WHAT YOU WILL DO ▸
Would you copy only the lines below, beginning with the one that contains "Lemma conjugate_exponent_ge1 p" and running through the last entry line?

INPUT ▸
(* In the production planning setting described in the context, fix $\pmb{x}\in\mathbb{X}$, assume $\Gamma^c\in\mathbb{Z}_+$ and $\Delta_t\in\mathbb{Z}_+$ for all $t\in[T]$, and let $G$ with arc costs be as defined in the context. Then for every real $C^*$: a solution with cost $C^*$ is optimal for the problem $$\max\ \sum_{t\in[T]}\max\{f_I(X_t,\widehat{D}_t-\delta_t),f_B(X_t,\widehat{D}_t+\delta_t)\}\ \text{ s.t. }\ \sum_{t\in[T]}\delta_t\le\Gamma^c,\ 0\le\delta_t\le\Delta_t\ (t\in[T])$$ if and only if there is a longest $\mathfrak{s}$-$\mathfrak{t}$ path in $G$ with length $C^*$.
   Context: There are $T\ge 1$ periods, $[T]=\{1,\dots,T\}$. Given are costs $c^P,c^I,c^B$, a selling price $b^P$, and a set $\mathbb{X}\subseteq\mathbb{R}^T_+$ of feasible production plans described by finitely many linear constraints; for a plan $X_t=\sum_{i\in[t]}x_i$. For $t\in[T-1]$ let $f_I(X_t,D_t)=c^I(X_t-D_t)$, $f_B(X_t,D_t)=c^B(D_t-X_t)$; for $t=T$ let $f_I(X_T,D_T)=c^I(X_T-D_T)+c^PX_T-b^PD_T$, $f_B(X_T,D_T)=c^B(D_T-X_T)+c^PX_T-b^PX_T$. Nominal cumulative demands $\widehat{D}_t\ge0$ are nondecreasing, deviations $0\le\Delta_t\le\widehat{D}_t$, budget $\Gamma^c$. The directed layered graph $G$ has layers $V_0=\{\mathfrak{s}\}$ with $\mathfrak{s}=0^0$, $V_t=\{t^0,t^1,\dots,t^{\Gamma^c}\}$ for $t\in[T]$, and $V_{T+1}=\{\mathfrak{t}\}$. For $t\in[T]$, each node $(t-1)^{\delta}\in V_{t-1}$ and each integer $\delta_t\in\{0,\dots,\Delta_t\}$ with $\delta+\delta_t\le\Gamma^c$, there is an arc $((t-1)^{\delta},t^{\delta+\delta_t})$ with cost $\max\{f_I(X_t,\widehat{D}_t-\delta_t),f_B(X_t,\widehat{D}_t+\delta_t)\}$; every node of $V_T$ is joined to $\mathfrak{t}$ by an arc of cost $0$. The length of a path is the sum of its arc costs. *)

From Stdlib Require Import List.
From mathcomp Require Import all_boot all_order all_algebra.
Set Implicit Arguments. Unset Strict Implicit. Unset Printing Implicit Defensive.
Import Order.TTheory GRing.Theory Num.Theory.
Local Open Scope ring_scope.
Lemma coset_representatives (s : seq G) : exists t : seq G,
  (forall r, List.In r s -> exists2 x, List.In x t & same_coset r x) /\
  pairwise (fun x y => ~~ `[< same_coset x y >]) t.
Proof.
elim: s => [|r s [t [cover_t pw_t]]]; first by exists [::].
have [[x xt rx]|new_r] := pselect (exists2 x, List.In x t & same_coset r x).
  by exists t; split=> // r' /= [<-|/cover_t]; first by exists x.
exists (r :: t); split=> [r' /= [<-|/cover_t[x xt r'x]]|].
- by exists r; [left|apply: same_coset_refl].
- by exists x; [right|].
rewrite /= pw_t andbT; apply/(all_nthP r) => i lt_i; apply/asboolP => r_i.
by apply: new_r; exists (nth r t i); [apply: nth_In|].
Qed.

Lemma right_transversal : finite_index_image phi -> exists t : seq G,
  (forall g, exists (j : 'I_(size t)) h, g = phi h * nth (gone G) t j) /\
  (forall (j j' : 'I_(size t)) h h',
     phi h * nth (gone G) t j = phi h' * nth (gone G) t j' -> j = j' /\ h = h').
Proof.
case=> reps cover_reps; have [t [cover_t /(pairwiseP (gone G)) pw_t]] := coset_representatives reps.
exists t; split=> [g|j j' h h' eq_hj].
  have [r [r_reps [h ->]]] := cover_reps g.
  have [x /(In_nth (gone G))[j lt_j <-] [h' ->]] := cover_t r r_reps.
  by exists (Ordinal lt_j), (h * h'); rewrite phi_hom gmulA.
have same_jj' : same_coset (nth (gone G) t j) (nth (gone G) t j').
  by exists (h^-1 * h'); rewrite phi_hom homV // -gmulA -eq_hj gmulKl.
have eq_j : j = j'.
  apply: val_inj; case: (ltngtP j j') => // [lt_jj'|lt_j'j].
    by have /asboolP := pw_t j j' (ltn_ord j) (ltn_ord j') lt_jj'.
  by have /asboolP := pw_t j' j (ltn_ord j') (ltn_ord j) lt_j'j; case; apply: same_coset_sym.
by subst j'; split=> //; apply/phi_inj/(gmulIr eq_hj).
Qed.
End Transversal.

Section RightMultiplication.
Variables (G : grp) (k : nat) (gens : 'I_k -> G).
Variables (L : seq (letter k) -> Prop) (psi : seq (letter k) -> G).
Hypotheses (gens_gen : generates gens) (psi_rep : cayley_automatic_rep gens L psi).
Lemma inner_gcontains_wrap : has (inner_occurrence w s) (iota 0 n) -> gcontains (wrap_pat sg) p.
Proof.
case/hasP => j _ /and3P []; rewrite size_oneline size_line => le_jn nonrec occ.
have m_gt0 : 0 < m by lia.
have nonrec_window i : j <= i < j + m -> ~~ record s i.
  by move=> lt_i; move/allP: nonrec; apply; rewrite mem_iota.
have le_window : j + m <= size s by rewrite size_line.
have [q0 [q1 [lt_q0 /andP [le_q1 lt_q1] first_below last_above]]] :=
  nonrecord_window_enclosed (perms_uniq (line_perms p)) m_gt0 le_window nonrec_window.
rewrite size_line in lt_q1.
pose g a := if a == 0 then q0 else if a <= m then j + a.-1 else q1.
have g0 : g 0 = q0 by [].
have g_mid a : a < m -> g a.+1 = j + a by move=> lt_a; rewrite /g /= lt_a.
have g_last : g m.+1 = q1 by rewrite /g /= ltnn.
have g_cases a : a < m.+2 -> a = 0 \/ (exists2 b, a = b.+1 & b < m) \/ a = m.+1.
  case: a => [|a] lt_a; [by left | right].
  by case: (ltnP a m) => le_a; [left; exists a | right; congr _.+1; lia].
apply/gcontainsP; exists g; rewrite size_wrap_pat; split.
- by move=> a /g_cases [->|[[b -> lt_b]|->]]; rewrite ?g0 ?g_last ?g_mid //; lia.
- move=> a b lt_ab lt_b; have lt_a : a < m.+2 by lia.
  by case/g_cases: lt_a => [Ea|[[a' Ea lt_a']|Ea]]; case/g_cases: lt_b => [Eb|[[b' Eb lt_b']|Eb]];
    subst a b; rewrite ?g0 ?g_last ?g_mid //; lia.
- move=> a b /g_cases [->|[[a' -> lt_a]|->]] /g_cases [->|[[b' -> lt_b]|->]];
    rewrite ?g0 ?g_last ?g_mid ?nth_wrap_pat_last ?nth_wrap_pat_mid //.
  + by rewrite !ltnn.
  + by rewrite first_below // ltnS; case/andP: (nth_oneline_bounds sg lt_b).
  + by rewrite (ltn_trans (first_below 0 m_gt0) (last_above 0 m_gt0)).
  + by rewrite ltnNge ltnW ?first_below.
  + rewrite ltnS; move/allP: occ => /(_ a'); rewrite mem_iota add0n size_oneline lt_a.
    by move=> /(_ isT) /allP /(_ b'); rewrite mem_iota add0n lt_b => /(_ isT) /eqP ->.
  + by rewrite last_above // ltnS; case/andP: (nth_oneline_bounds sg lt_a).
  + by rewrite ltnNge ltnW // (ltn_trans (first_below 0 m_gt0) (last_above 0 m_gt0)).
  + rewrite ltnNge ltnW ?last_above //; symmetry; apply/negbTE; rewrite -leqNgt.
    by have := nth_oneline_bounds sg lt_b; lia.
  + by rewrite !ltnn.
- move=> [|a] lt_a; first by [].
  by rewrite nth_wrap_pat_dash -ltnNge => lt_am; rewrite !g_mid ?addnS //; lia.
Qed.

Lemma gcontains_wrap : gcontains (wrap_pat sg) p = has (inner_occurrence w s) (iota 0 n).
Proof. by apply/idP/idP; [exact: gcontains_wrap_inner | exact: inner_gcontains_wrap]. Qed.

End WrapPattern.

Lemma egf_eq (P Q : gpat) : egf P = egf Q <-> alpha P =1 alpha Q.
Proof.
split=> [E l|E]; last by apply: functional_extensionality => l; rewrite /egf E.
have fact_neq0 : ((l`!)%:R != 0 :> rat)%R by rewrite Num.Theory.pnatr_eq0 -lt0n fact_gt0.
have /(congr1 (fun x => (x * (l`!)%:R)%R)) := congr1 (fun f => f l) E.
by rewrite /egf !(GRing.mulfVK fact_neq0) => /eqP; rewrite Num.Theory.eqr_nat => /eqP.
Qed.

Lemma alpha_count (P : gpat) n (Q : pred (seq nat)) :
  (forall p : 'S_n, gcontains P p = Q (line p)) -> alpha P n = count (predC Q) (perms n).
Proof. by move=> PQ; rewrite /alpha -card_perms; apply: eq_card => p; rewrite !inE PQ. Qed.
Lemma dual_norm_mid (g1 g2 : X -> R) r1 r2 :
  dual_norm_is X g1 r1 -> dual_norm_is X g2 r2 ->
  exists r, dual_norm_is X (fun x => (g1 x + g2 x) / 2) r /\ r <= (r1 + r2) / 2.
Proof.
  intros Hr1 Hr2.
  set (S := fun t => exists x : X, vnorm x <= 1 /\ t = Rabs ((g1 x + g2 x) / 2)).
  assert (Hub : forall t, S t -> t <= (r1 + r2) / 2).
  { intros t [x [Hx ->]]. eapply Rle_trans; [apply Rabs_mid_le|].
    assert (Rabs (g1 x) <= r1) by (apply Hr1; exists x; auto).
    assert (Rabs (g2 x) <= r2) by (apply Hr2; exists x; auto). lra. }
  destruct (completeness S) as [r Hr].
  - exists ((r1 + r2) / 2). exact Hub.
  - exists (Rabs ((g1 (vscal 0 vzero) + g2 (vscal 0 vzero)) / 2)), (vscal 0 vzero).
    rewrite vnorm_scal, Rabs_R0. split; [lra | reflexivity].
  - exists r. split; [exact Hr | now apply Hr].
Qed.

Lemma inD_mid p p' f1 F1 g1 G1 f2 F2 g2 G2 : 1 <= p -> 1 <= p' ->
  inD X p p' f1 F1 g1 G1 -> inD X p p' f2 F2 g2 G2 ->
  inD X p p' (vscal (1/2) (vadd f1 f2)) ((F1 + F2) / 2)
             (fun x => (g1 x + g2 x) / 2) ((G1 + G2) / 2).
Proof.
  intros Hp Hp' [Hf1 [Hg1 [r1 [Hr1 HG1]]]] [Hf2 [Hg2 [r2 [Hr2 HG2]]]].
  split; [|split; [now apply is_dual_mid|]].
  - eapply Rle_trans.
    { apply rpow_le_compat; [lra | split; [apply vnorm_nonneg | apply vnorm_mid_le]]. }
    eapply Rle_trans; [apply rpow_mid_le; auto using vnorm_nonneg | lra].
  - destruct (dual_norm_mid g1 g2 r1 r2 Hr1 Hr2) as [r [Hr Hrle]].
    exists r. split; [exact Hr|].
    pose proof (dual_norm_ge0 _ _ Hr1). pose proof (dual_norm_ge0 _ _ Hr2).
    eapply Rle_trans.
    { apply rpow_le_compat; [lra | split; [eapply dual_norm_ge0; eauto | exact Hrle]]. }
    eapply Rle_trans; [apply rpow_mid_le; auto | lra].
Qed.

End Banach.

Lemma conjugate_exponent_ge1 p p' : 1 < p -> 1 / p + 1 / p' = 1 -> 1 <= p'.
Proof.
  intros Hp Hpp'.
  assert (H1p : 0 < 1 / p < 1).
  { split; [apply Rdiv_lt_0_compat | apply (Rmult_lt_reg_r p); field_simplify]; lra. }
  destruct (Rlt_le_dec 0 p') as [Hpos|Hneg].
  - assert (p' * (1 / p') = 1) by (field; lra). nra.
  - destruct (Rle_lt_or_eq_dec _ _ Hneg) as [Hlt | ->].
    + assert (1 / p' < 0) by (apply Rdiv_pos_neg; lra). lra.
    + unfold Rdiv at 2 in Hpp'. rewrite Rinv_0 in Hpp'. lra.
Qed.

Record point (X : BanachSpace) := mkpoint { pt_f : X; pt_F : R; pt_g : X -> R; pt_G : R }.
Arguments mkpoint {X}. Arguments pt_f {X}. Arguments pt_F {X}.
Arguments pt_g {X}. Arguments pt_G {X}.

RESULT OF THE EXERCISE ▸
Lemma conjugate_exponent_ge1 p p' : 1 < p -> 1 / p + 1 / p' = 1 -> 1 <= p'.
Proof.
  intros Hp Hpp'.
  assert (H1p : 0 < 1 / p < 1).
  { split; [apply Rdiv_lt_0_compat | apply (Rmult_lt_reg_r p); field_simplify]; lra. }
  destruct (Rlt_le_dec 0 p') as [Hpos|Hneg].
  - assert (p' * (1 / p') = 1) by (field; lra). nra.
  - destruct (Rle_lt_or_eq_dec _ _ Hneg) as [Hlt | ->].
    + assert (1 / p' < 0) by (apply Rdiv_pos_neg; lra). lra.
    + unfold Rdiv at 2 in Hpp'. rewrite Rinv_0 in Hpp'. lra.
Qed.

Record point (X : BanachSpace) := mkpoint { pt_f : X; pt_F : R; pt_g : X -> R; pt_G : R }.
Arguments mkpoint {X}. Arguments pt_f {X}. Arguments pt_F {X}.
Arguments pt_g {X}. Arguments pt_G {X}.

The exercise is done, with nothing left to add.